Apple Cider Vinegar – Apple cider vinegar (ACV) has been used for centuries to promote health. Studies show ACV can help maintain healthy blood sugar and cholesterol levels, along with a healthy weight. (4) (5) (6) If you have low stomach acid, the natural acidity of ACV can help raise stomach acid levels to assist with digestion.

Fresh ginger – I’m sure many of you (if not all) have turned to ginger in times of stomach upset or nausea. Ginger has been used for thousands of years to help ease indigestion and many studies have reviewed its gastroprotective effects. (7) I wrote a very in-depth article on ginger if you want to learn more.

Tips:

Sparkling water gives this drink an effervescent fizz that feels especially festive. Try mixing with warm water for a more soothing experience.

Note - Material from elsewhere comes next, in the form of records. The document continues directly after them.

(* Let $f_1,f_2:\mathbb R^d\to\mathbb R$ be convex with $\nabla f_i$ globally Lipschitz continuous with modulus $L_i>0$ ($i=1,2$), let $f_3:\mathbb R^d\to\mathbb R\cup\{+\infty\}$ be proper and lower semicontinuous, and assume $\varphi:=f_1+f_2+f_3$ has a nonempty set of minimizers. Let $\gamma\in(0,\frac{1}{L_1+L_2})$ and $\lambda,\alpha>0$, and let $(x_1^k,x_2^k,x_3^k)_k$, $(z_1^k,z_2^k)_k$ be generated by the relaxed Ryu splitting method. Set $\xi^k=\big(x_1^k,x_2^k,x_3^k,\gamma^{-1}(x_1^k-z_1^k),\gamma^{-1}(\alpha(x_2^k-x_1^k)-z_2^k)\big)$. Then for all $k\ge1$, $\varphi_\gamma^{\mathrm{Ryu}}(z_1^k,z_2^k)=\mathcal L_{1/\gamma_1,1/\gamma_2}(\xi^k)$, where $\gamma_1=\gamma/\alpha$, $\gamma_2=\gamma/(1-\alpha)$.
   Context: For $h:\mathbb R^d\to\mathbb R\cup\{+\infty\}$ and $\gamma>0$, $\mathrm{prox}_{\gamma h}(z):=\operatorname{argmin}_{y}\{h(y)+\frac{1}{2\gamma}\|y-z\|^2\}$. Conventions $\frac{c}{0}=\infty$, $\frac{d}{\infty}=0$ ($c>0,d\in\mathbb R$). The relaxed Ryu splitting method: given $z_1^0,z_2^0\in\mathbb R^d$, for $k\ge0$, $x_1^k=\mathrm{prox}_{\gamma f_1}(z_1^k)$, $x_2^k=\mathrm{prox}_{\frac{\gamma}{\alpha}f_2}(\frac{z_2^k}{\alpha}+x_1^k)$, $x_3^k\in\mathrm{prox}_{\gamma f_3}(x_1^k-z_1^k+x_2^k-z_2^k)$, $z_1^{k+1}=z_1^k+\lambda(x_3^k-x_1^k)$, $z_2^{k+1}=z_2^k+\lambda(x_3^k-x_2^k)$. Relaxed Ryu envelope: for $(z_1,z_2)$, $x_1=\mathrm{prox}_{\gamma f_1}(z_1)$, $x_2=\mathrm{prox}_{\frac{\gamma}{\alpha}f_2}(\frac{z_2}{\alpha}+x_1)$, $\varphi_\gamma^{\mathrm{Ryu}}(z_1,z_2):=\min_{y}\{f_3(y)+\sum_{i=1}^2[f_i(x_i)+\langle y-x_i,\nabla f_i(x_i)\rangle+\frac{1}{2\gamma_i}\|y-x_i\|^2]\}$. Augmented Lagrangian: $\mathcal L_{\beta_1,\beta_2}(x_1,x_2,x_3,\mu_1,\mu_2)=f_3(x_3)+\sum_{i=1}^2\big(f_i(x_i)+\langle\mu_i,x_i-x_3\rangle+\frac{\beta_i}{2}\|x_i-x_3\|^2\big)$. *)

From HB Require Import structures.
From mathcomp Require Import all_boot all_order all_algebra.
From mathcomp Require Import all_classical all_reals all_analysis.
Set Implicit Arguments. Unset Strict Implicit. Unset Printing Implicit Defensive.
Import Order.TTheory GRing.Theory Num.Theory.
Import numFieldNormedType.Exports.
Local Open Scope classical_set_scope.
Local Open Scope ring_scope.

Section Defs.
Variables (R : realType) (d : nat).
Notation V := 'rV[R]_d.

(* Euclidean inner product and squared Euclidean norm on R^d
   (NB: the library norm on 'rV is the max norm, so we use these instead). *)
Definition inner (u v : V) : R := \sum_(i < d) u ord0 i * v ord0 i.
Definition sqnorm (u : V) : R := inner u u.
Definition enorm (u : V) : R := Num.sqrt (sqnorm u).

Definition convex_fun (f : V -> R) : Prop :=
  forall (x y : V) (t : R), 0 <= t -> t <= 1 ->
    f (t *: x + (1 - t) *: y) <= t * f x + (1 - t) * f y.

Definition is_gradient (f : V -> R) (g : V -> V) : Prop :=
  forall x, differentiable f x /\ forall h, 'd f x h = inner (g x) h.

Definition lipschitz_mod (g : V -> V) (L : R) : Prop :=
  forall x y, enorm (g x - g y) <= L * enorm (x - y).

Definition proper_fun (h : V -> \bar R) : Prop :=
  (exists x, h x \is a fin_num) /\ (forall x, h x != -oo%E).

Definition prox_set (gamma : R) (h : V -> \bar R) (z : V) : set V :=
  [set x | forall y, (h x + (sqnorm (x - z) / (2 * gamma))%:E
                      <= h y + (sqnorm (y - z) / (2 * gamma))%:E)%E].

(* the (single-valued, for convex smooth h) proximal map; chosen element *)
Definition prox (gamma : R) (h : V -> \bar R) (z : V) : V :=
  xget 0 (prox_set gamma h z).

(* Relaxed Ryu envelope.  ig1 = 1/gamma_1 = alpha/gamma and
   ig2 = 1/gamma_2 = (1-alpha)/gamma (conventions c/0 = oo, d/oo = 0),
   so 1/(2 gamma_i) = ig_i / 2.  The min over y is rendered as an infimum. *)
Definition ryu_env (gamma alpha : R) (f1 f2 : V -> R) (f3 : V -> \bar R)
    (g1 g2 : V -> V) (z1 z2 : V) : \bar R :=
  let x1 := prox gamma (fun x => (f1 x)%:E) z1 in
  let x2 := prox (gamma / alpha) (fun x => (f2 x)%:E) (alpha^-1 *: z2 + x1) in
  let ig1 := alpha / gamma in
  let ig2 := (1 - alpha) / gamma in
  ereal_inf [set (f3 y
     + (f1 x1 + inner (y - x1) (g1 x1) + ig1 / 2 * sqnorm (y - x1)
      + (f2 x2 + inner (y - x2) (g2 x2) + ig2 / 2 * sqnorm (y - x2)))%:E)%E
   | y in [set: V]].

Definition aug_lag (beta1 beta2 : R) (f1 f2 : V -> R) (f3 : V -> \bar R)
    (x1 x2 x3 mu1 mu2 : V) : \bar R :=
  (f3 x3 + (f1 x1 + inner mu1 (x1 - x3) + beta1 / 2 * sqnorm (x1 - x3)
          + (f2 x2 + inner mu2 (x2 - x3) + beta2 / 2 * sqnorm (x2 - x3)))%:E)%E.

End Defs.

From HB Require Import structures.
From mathcomp Require Import all_boot all_order all_algebra.
From mathcomp Require Import all_classical all_reals all_analysis.
From mathcomp Require Import ring lra.
Set Implicit Arguments. Unset Strict Implicit. Unset Printing Implicit Defensive.
Import Order.TTheory GRing.Theory Num.Theory.
Import numFieldNormedType.Exports.
Local Open Scope classical_set_scope.
Local Open Scope ring_scope.

(* At the prox points the first-order conditions give
   grad f1 (x1) = (z1 - x1) / gamma and grad f2 (x2) = (alpha / gamma) (z2 / alpha + x1 - x2).
   Since the curvatures alpha / gamma and (1 - alpha) / gamma add up to 1 / gamma, the sum of
   the two quadratic models inside the envelope then differs from
   ||y - w||^2 / (2 gamma), w = x1 - z1 + x2 - z2, by a constant, so the infimum over y is
   attained at x3 = prox_{gamma f3}(w).  Evaluating the models at x3 gives the augmented
   Lagrangian with multipliers mu_i = - grad f_i (x_i). *)

Lemma derive_ge_of_quotient_lbound {R : realType} {V : normedModType R}
    (f : V -> R) (x h : V) (m K : R) :
  derivable f x h ->
  (forall s, 0 < s -> m - s * K <= s^-1 * (f (s *: h + x) - f x)) ->
  m <= 'D_h f x.
Proof.
move=> fx_h lbound.
have q_cvg : s^-1 *: ((f \o shift x) (s *: h) - f x) + s * K @[s --> 0^'+]
    --> 'D_h f x + 0 * K.
  apply: cvgD; first exact: cvg_dnbhs_at_right.
  by apply: cvgMr_tmp; apply: cvg_at_right_filter; exact: cvg_id.
rewrite -[leRHS]addr0 -[X in _ + X](mul0r K).
apply: (closed_cvg _ (@closed_ge R m) _ _ q_cvg).
near=> s; have s_gt0 : 0 < s by near: s; exact: nbhs_right_gt.
by rewrite /= -lerBlDr; exact: lbound.
Unshelve. all: by end_near. Qed.

Section Euclidean.
Variables (R : realType) (d : nat).
Implicit Types (u v w : 'rV[R]_d).

Lemma innerC u v : inner u v = inner v u.
Proof. by apply: eq_bigr => i _; rewrite mulrC. Qed.

Lemma innerDl u v w : inner (u + v) w = inner u w + inner v w.
Proof. by rewrite /inner -big_split; apply: eq_bigr => i _; rewrite mxE mulrDl. Qed.

Lemma innerZl (a : R) u v : inner (a *: u) v = a * inner u v.
Proof. by rewrite /inner mulr_sumr; apply: eq_bigr => i _; rewrite mxE mulrA. Qed.

Lemma innerNl u v : inner (- u) v = - inner u v.
Proof. by rewrite /inner -sumrN; apply: eq_bigr => i _; rewrite mxE mulNr. Qed.

Lemma innerNr u v : inner u (- v) = - inner u v.
Proof. by rewrite innerC innerNl innerC. Qed.

Lemma sqnormN u : sqnorm (- u) = sqnorm u.
Proof. by rewrite /sqnorm innerNl innerNr opprK. Qed.

Lemma sqnorm_ge0 u : 0 <= sqnorm u.
Proof. by apply: sumr_ge0 => i _; rewrite -expr2 sqr_ge0. Qed.

Lemma sqnorm_eq0 u : (sqnorm u == 0) = (u == 0).
Proof.
apply/idP/eqP => [|->]; last by rewrite /sqnorm /inner big1 // => i _; rewrite mxE mul0r.
rewrite psumr_eq0 => [/allP u_eq0|i _]; last by rewrite -expr2 sqr_ge0.
apply/rowP => i; rewrite mxE.
by apply/eqP; rewrite -sqrf_eq0 expr2; exact: u_eq0 (mem_index_enum i).
Qed.

Lemma sqnormDZl (s : R) u v :
  sqnorm (s *: u + v) = sqnorm v + 2 * s * inner v u + s ^+ 2 * sqnorm u.
Proof.
rewrite /sqnorm /inner !mulr_sumr -!big_split; apply: eq_bigr => i _.
by rewrite /= !mxE; ring.
Qed.

Lemma sqnorm_midpoint u v w :
  sqnorm ((1 / 2 : R) *: u + (1 - 1 / 2) *: v - w) =
  sqnorm (u - w) / 2 + sqnorm (v - w) / 2 - sqnorm (u - v) / 4.
Proof.
rewrite /sqnorm /inner !mulr_suml -big_split -sumrB; apply: eq_bigr => i _.
by rewrite /= !mxE; field.
Qed.

End Euclidean.

Section Prox.
Variables (R : realType) (d : nat).
Notation V := 'rV[R]_d.

Lemma prox_set_real_min (f : V -> R) (c : R) (z a : V) :
  prox_set c (fun x => (f x)%:E) z a ->
  forall y, f a + sqnorm (a - z) / (2 * c) <= f y + sqnorm (y - z) / (2 * c).
Proof. by move=> min_a y; have := min_a y; rewrite -!EFinD lee_fin. Qed.

Lemma prox_set_convex_uniq (f : V -> R) (c : R) (z a b : V) :
  0 < c -> convex_fun f ->
  prox_set c (fun x => (f x)%:E) z a -> prox_set c (fun x => (f x)%:E) z b ->
  a = b.
Proof.
move=> c_gt0 cvx_f /prox_set_real_min min_a /prox_set_real_min min_b.
(* The prox objective is strongly convex: at the midpoint of a and b it lies
   ||a - b||^2 / (8 c) below the average of its values at a and b. *)
have := min_a ((1 / 2 : R) *: a + (1 - 1 / 2) *: b).
have := cvx_f a b (1 / 2) ltac:(lra) ltac:(lra).
have := min_b a.
rewrite sqnorm_midpoint => ba mid_cvx mid_min.
have c2_gt0 : 0 < (2 * c)^-1 by rewrite invr_gt0 mulr_gt0.
have : sqnorm (a - b) == 0.
  by rewrite eq_le sqnorm_ge0 andbT -(pmulr_lle0 _ c2_gt0); lra.
by rewrite sqnorm_eq0 subr_eq0 => /eqP.
Qed.

Lemma proxE (f : V -> R) (c : R) (z a : V) :
  0 < c -> convex_fun f -> prox_set c (fun x => (f x)%:E) z a ->
  prox c (fun x => (f x)%:E) z = a.
Proof.
move=> c_gt0 cvx_f min_a; apply: (prox_set_convex_uniq c_gt0 cvx_f _ min_a).
by apply: xgetPex; exists a.
Qed.

Lemma prox_set_gradient (f : V -> R) (g : V -> V) (c : R) (z x : V) :
  0 < c -> is_gradient f g -> prox_set c (fun y => (f y)%:E) z x ->
  g x = c^-1 *: (z - x).
Proof.
move=> c_gt0 grad_f /prox_set_real_min min_x.
have [dfx dfE] := grad_f x.
(* u is the gradient of the prox objective at x: minimality gives <u, h> >= 0
   for every h, and h = - u forces u = 0. *)
set u := g x + c^-1 *: (x - z).
have u_ge0 h : 0 <= inner u h.
  suff : - (inner (x - z) h / c) <= 'D_h f x.
    by rewrite deriveE // dfE => ?; rewrite /u innerDl innerZl; lra.
  apply: (derive_ge_of_quotient_lbound (K := sqnorm h / (2 * c))).
    exact: diff_derivable.
  move=> s s_gt0; rewrite ler_pdivlMl //.
  have := min_x (s *: h + x); rewrite -addrA sqnormDZl.
  have -> : (sqnorm (x - z) + 2 * s * inner (x - z) h + s ^+ 2 * sqnorm h) / (2 * c)
      = sqnorm (x - z) / (2 * c) - s * (- (inner (x - z) h / c) - s * (sqnorm h / (2 * c))).
    by field; rewrite gt_eqF.
  lra.
have : u == 0.
  by rewrite -sqnorm_eq0 eq_le sqnorm_ge0 andbT -oppr_ge0 -innerNr u_ge0.
by rewrite /u addr_eq0 -scalerN opprB => /eqP.
Qed.

Lemma ereal_inf_prox_shift (h : V -> \bar R) (c : R) (w x : V) (Q : V -> R) :
  prox_set c h w x ->
  (forall y, Q y - sqnorm (y - w) / (2 * c) = Q x - sqnorm (x - w) / (2 * c)) ->
  ereal_inf [set (h y + (Q y)%:E)%E | y in [set: V]] = (h x + (Q x)%:E)%E.
Proof.
move=> min_x Q_shift; apply/eqP; rewrite eq_le; apply/andP; split.
  by apply: ereal_inf_lbound; exists x.
apply: le_ereal_inf_tmp => _ [y _ <-].
set C := Q x - sqnorm (x - w) / (2 * c).
have -> : Q y = C + sqnorm (y - w) / (2 * c) by rewrite /C -(Q_shift y) subrK.
have -> : Q x = C + sqnorm (x - w) / (2 * c) by rewrite subrK.
by rewrite !EFinD !(addeC C%:E) !addeA leeD2r.
Qed.

End Prox.

Section RyuEnvelope.
Variables (R : realType) (d : nat).
Notation V := 'rV[R]_d.

(* The model f_i(x_i) + <y - x_i, grad f_i(x_i)> + ||y - x_i||^2 / (2 gamma_i) of the
   envelope, with F = f_i(x_i), v = grad f_i(x_i) and b = 1 / gamma_i. *)
Definition quad_model (F : R) (a v : V) (b : R) (y : V) : R :=
  F + inner (y - a) v + b / 2 * sqnorm (y - a).

Lemma quad_model_sum_shift (F1 F2 b1 b2 c : R) (a1 a2 v1 v2 w y y' : V) :
  c != 0 -> b1 + b2 = c^-1 ->
  v1 - b1 *: a1 + (v2 - b2 *: a2) = - (c^-1 *: w) ->
  quad_model F1 a1 v1 b1 y + quad_model F2 a2 v2 b2 y - sqnorm (y - w) / (2 * c) =
  quad_model F1 a1 v1 b1 y' + quad_model F2 a2 v2 b2 y' - sqnorm (y' - w) / (2 * c).
Proof.
move=> c_neq0 b12 v12.
have b2E : b2 = c^-1 - b1 by rewrite -b12; ring.
have v2E i : v2 ord0 i = - c^-1 * w ord0 i - v1 ord0 i + b1 * a1 ord0 i + b2 * a2 ord0 i.
  by move/matrixP/(_ ord0 i): v12; rewrite !mxE; lra.
have sumE y0 : quad_model F1 a1 v1 b1 y0 + quad_model F2 a2 v2 b2 y0
    - sqnorm (y0 - w) / (2 * c) = F1 + F2 + \sum_(i < d)
    ((y0 - a1) ord0 i * v1 ord0 i + b1 / 2 * ((y0 - a1) ord0 i * (y0 - a1) ord0 i)
     + (y0 - a2) ord0 i * v2 ord0 i + b2 / 2 * ((y0 - a2) ord0 i * (y0 - a2) ord0 i)
     - (y0 - w) ord0 i * (y0 - w) ord0 i / (2 * c)).
  by rewrite /quad_model /sqnorm /inner sumrB !big_split /= -!mulr_sumr -mulr_suml; ring.
rewrite !sumE; congr (_ + _); apply: eq_bigr => i _.
by rewrite !mxE !v2E b2E; field.
Qed.

Lemma ryu_envE (f1 f2 : V -> R) (g1 g2 : V -> V) (f3 : V -> \bar R)
    (gamma alpha : R) (z1 z2 x1 x2 x3 : V) :
  convex_fun f1 -> convex_fun f2 -> is_gradient f1 g1 -> is_gradient f2 g2 ->
  0 < gamma -> 0 < alpha ->
  prox_set gamma (fun x => (f1 x)%:E) z1 x1 ->
  prox_set (gamma / alpha) (fun x => (f2 x)%:E) (alpha^-1 *: z2 + x1) x2 ->
  prox_set gamma f3 (x1 - z1 + x2 - z2) x3 ->
  ryu_env gamma alpha f1 f2 f3 g1 g2 z1 z2 =
  aug_lag (alpha / gamma) ((1 - alpha) / gamma) f1 f2 f3 x1 x2 x3
    (gamma^-1 *: (x1 - z1)) (gamma^-1 *: (alpha *: (x2 - x1) - z2)).
Proof.
move=> cvx1 cvx2 grad1 grad2 gamma_gt0 alpha_gt0 prox_x1 prox_x2 prox_x3.
have gamma_neq0 : gamma != 0 by rewrite gt_eqF.
have alpha_neq0 : alpha != 0 by rewrite gt_eqF.
have ga_gt0 : 0 < gamma / alpha by rewrite divr_gt0.
have g1E := prox_set_gradient gamma_gt0 grad1 prox_x1.
have g2E := prox_set_gradient ga_gt0 grad2 prox_x2.
rewrite /ryu_env /= (proxE gamma_gt0 cvx1 prox_x1) (proxE ga_gt0 cvx2 prox_x2).
rewrite (ereal_inf_prox_shift (Q := fun y => quad_model (f1 x1) x1 (g1 x1) (alpha / gamma) y
    + quad_model (f2 x2) x2 (g2 x2) ((1 - alpha) / gamma) y) prox_x3); last first.
  move=> y; apply: quad_model_sum_shift => //; first by field.
  by apply/matrixP => i j; rewrite g1E g2E !mxE; field; rewrite gamma_neq0 alpha_neq0.
have mu1E : gamma^-1 *: (x1 - z1) = - g1 x1 by rewrite g1E -scalerN opprB.
have mu2E : gamma^-1 *: (alpha *: (x2 - x1) - z2) = - g2 x2.
  by apply/matrixP => i j; rewrite g2E !mxE; field; rewrite gamma_neq0 alpha_neq0.
rewrite /aug_lag /quad_model mu1E mu2E -!(opprB x3) !innerNl !innerNr !opprK !sqnormN.
by rewrite !(innerC (_ - _)).
Qed.

End RyuEnvelope.

Theorem lemma6 (R : realType) (d : nat)
  (f1 f2 : 'rV[R]_d -> R) (g1 g2 : 'rV[R]_d -> 'rV[R]_d) (L1 L2 : R)
  (f3 : 'rV[R]_d -> \bar R)
  (gamma lambda alpha : R)
  (x1 x2 x3 z1 z2 : nat -> 'rV[R]_d) :
  convex_fun f1 -> convex_fun f2 ->
  is_gradient f1 g1 -> is_gradient f2 g2 ->
  0 < L1 -> 0 < L2 -> lipschitz_mod g1 L1 -> lipschitz_mod g2 L2 ->
  proper_fun f3 -> lower_semicontinuous f3 ->
  (exists xs : 'rV[R]_d, forall x : 'rV[R]_d,
      ((f1 xs + f2 xs)%:E + f3 xs <= (f1 x + f2 x)%:E + f3 x)%E) ->
  0 < gamma -> gamma < 1 / (L1 + L2) -> 0 < lambda -> 0 < alpha ->
  (forall k, prox_set gamma (fun x => (f1 x)%:E) (z1 k) (x1 k)) ->
  (forall k, prox_set (gamma / alpha) (fun x => (f2 x)%:E)
                 (alpha^-1 *: z2 k + x1 k) (x2 k)) ->
  (forall k, prox_set gamma f3 (x1 k - z1 k + x2 k - z2 k) (x3 k)) ->
  (forall k, z1 k.+1 = z1 k + lambda *: (x3 k - x1 k)) ->
  (forall k, z2 k.+1 = z2 k + lambda *: (x3 k - x2 k)) ->
  forall k, (1 <= k)%N ->
    ryu_env gamma alpha f1 f2 f3 g1 g2 (z1 k) (z2 k) =
    aug_lag (alpha / gamma) ((1 - alpha) / gamma) f1 f2 f3
      (x1 k) (x2 k) (x3 k)
      (gamma^-1 *: (x1 k - z1 k))
      (gamma^-1 *: (alpha *: (x2 k - x1 k) - z2 k)).
Proof.
move=> cvx1 cvx2 grad1 grad2 _ _ _ _ _ _ _ gamma_gt0 _ _ alpha_gt0
  prox_x1 prox_x2 prox_x3 _ _ k _.
exact: ryu_envE.
Qed.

If you’re short on time, this drink will infuse in just 24 hours. But I encourage you to wait the full week for a more robust flavor and to increase the potency of the infused ingredients.

Try blending the strained ingredients until they are in small chunks for a chutney to add to your holiday table.

Pair with my Healthy Fennel and Orange Digestive Cookies and you won’t even feel like you missed out on dessert.

Searching for more digestive support? Check out our new Gut Health Trio.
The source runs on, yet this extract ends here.